In recent decades, astronomers have come to believe that supermassive black holes probably lie at the hearts of most large galaxies. Our own Milky Way galaxy, for example, is thought to contain a central black hole as massive as four million suns, and the relatively nearby supergiant elliptical galaxy M87 is thought to have a black hole of 6 billion solar masses. Other distant galaxies are thought to have even more massive central black holes. How big can black holes grow? New research from the University of Leicester in England suggests that black holes at the hearts of galaxies could grow as massive as 50 billion suns before losing the disks of gas they need to sustain themselves. The paper – titled How Big Can a Black Hole Grow? – is published in the journal Monthly Notices Letters of the Royal Astronomical Society.
Astronomical theorist Andrew King led the research, which explores the regions of space around supermassive black holes, where the gas that feeds the hole settles into an orbiting disk. According to a December 18, 2015 statement from the University of Leicester:
This gas can lose energy and fall inwards, feeding the black hole. But these discs are known to be unstable and prone to crumbling into stars.
Professor King calculated how big a black hole would have to be for its outer edge to keep a disc from forming, coming up with the figure of 50 billion solar masses.

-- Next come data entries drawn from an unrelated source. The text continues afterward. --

Definition quot (le : W -> W -> Prop) (lab : W -> fset) : Type :=
  { P : W -> Prop | exists w, P = sim le lab w }.

Definition cls (le : W -> W -> Prop) (lab : W -> fset) (w : W) : quot le lab :=
  exist _ (sim le lab w) (ex_intro _ w eq_refl).

Definition leQ (le : W -> W -> Prop) (lab : W -> fset)
  (X Y : quot le lab) : Prop :=
  exists w v, X = cls le lab w /\ Y = cls le lab v /\
    Lseteq le lab w v /\ (forall f, lab v f -> lab w f).

Definition labQ (le : W -> W -> Prop) (lab : W -> fset)
  (X : quot le lab) : fset :=
  fun f => exists w, X = cls le lab w /\ lab w f.

Definition RQ (le : W -> W -> Prop) (lab : W -> fset) (R : W -> W -> Prop)
  (X Y : quot le lab) : Prop :=
  exists w v, X = cls le lab w /\ Y = cls le lab v /\ R w v.

Definition RQplus (le : W -> W -> Prop) (lab : W -> fset) (R : W -> W -> Prop)
  (X Y : quot le lab) : Prop :=
  exists X1 X2 Y1 Y2,
    leQ X1 X /\ leQ X X2 /\ leQ Y1 Y /\ leQ Y Y2 /\
    RQ R X2 Y1 /\ RQ R X1 Y2.

End Structures.

From Stdlib Require Import FunctionalExtensionality PropExtensionality.

(* The key fact is that below (resp. above) the class [p] every class
      has a representative below (resp. above) p; from it the quotient
      order is locally linear, the quotient is a labelled space, and the
      image R_Q of R is bi-serial, fully confluent and sensible.
   4. Since R^+_Q is the convex closure of R_Q, parts 2 and 3 give the
      theorem. *)

Set Implicit Arguments.
Unset Strict Implicit.

Definition subset (A B : fset) : Prop := forall f, A f -> B f.

Definition future_sensible (Sigma Phi Psi : fset) : Prop :=
  (forall a, Sigma (Next a) -> (Phi (Next a) <-> Psi a)) /\
  (forall a, Sigma (Glob a) -> (Phi (Glob a) <-> Phi a /\ Psi (Glob a))) /\
  (forall a b, Sigma (Until a b) ->
     (Phi (Until a b) <-> Phi b \/ (Phi a /\ Psi (Until a b)))).

Definition past_sensible (Sigma Phi Psi : fset) : Prop :=
  (forall a, Sigma (Prev a) -> (Psi (Prev a) <-> Phi a)) /\
  (forall a, Sigma (Hist a) -> (Psi (Hist a) <-> Psi a /\ Phi (Hist a))) /\
  (forall a b, Sigma (Since a b) ->
     (Psi (Since a b) <-> Psi b \/ (Psi a /\ Phi (Since a b)))).

Lemma sensible_pair_split (Sigma Phi Psi : fset) :
  future_sensible Sigma Phi Psi -> past_sensible Sigma Phi Psi ->
  sensible_pair Sigma Phi Psi.
Proof.
  intros (hX & hG & hU) (hY & hH & hS).
  exact (conj hX (conj hY (conj hG (conj hH (conj hU hS))))).
Qed.

Lemma sensible_pair_future (Sigma Phi Psi : fset) :
  sensible_pair Sigma Phi Psi -> future_sensible Sigma Phi Psi.
Proof. intros (hX & _ & hG & _ & hU & _); exact (conj hX (conj hG hU)). Qed.

Lemma sensible_pair_past (Sigma Phi Psi : fset) :
  sensible_pair Sigma Phi Psi -> past_sensible Sigma Phi Psi.
Proof. intros (_ & hY & _ & hH & _ & hS); exact (conj hY (conj hH hS)). Qed.

Lemma future_sandwich (Sigma Phi Psi Psi_lo Psi_hi : fset) :
  future_sensible Sigma Phi Psi_lo -> future_sensible Sigma Phi Psi_hi ->
  subset Psi_lo Psi -> subset Psi Psi_hi ->
  future_sensible Sigma Phi Psi.
Proof.
  intros (lo_X & lo_G & lo_U) (hi_X & hi_G & hi_U) lo_sub hi_sup.
  split; [|split].
  - intros a s; specialize (lo_X a s); specialize (hi_X a s).
    specialize (lo_sub a); specialize (hi_sup a); tauto.
  - intros a s; specialize (lo_G a s); specialize (hi_G a s).
    specialize (lo_sub (Glob a)); specialize (hi_sup (Glob a)); tauto.
  - intros a b s; specialize (lo_U a b s); specialize (hi_U a b s).
    specialize (lo_sub (Until a b)); specialize (hi_sup (Until a b)); tauto.
Qed.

The study suggests that without a disc, the black hole would stop growing, meaning 50 billion suns would roughly be the upper limit. The only way it could get larger is if a star happened to fall straight in or another black hole merged with it.
Professor King added:
The significance of this discovery is that astronomers have found black holes of almost the maximum mass, by observing the huge amount of radiation given off by the gas disc as it falls in. The mass limit means that this procedure should not turn up any masses much bigger than those we know, because there would not be a luminous disc.
Bigger black hole masses are in principle possible – for example, a hole near the maximum mass could merge with another black hole, and the result would be bigger still. But no light would be produced in this merger, and the bigger merged black hole could not have a disc of gas that would make light.
One might nevertheless detect it in other ways, for example as it bent light rays passing very close to it (gravitational lensing) or perhaps in future from the gravitational waves that Einstein’s General Theory of Relativity predicts would be emitted as it merged.
Botton line: New research from theorist Andrew King of the University of Leicester suggests that black holes could grow as large as 50 billion suns, before the infalling gas that makes them grow crumbles into stars.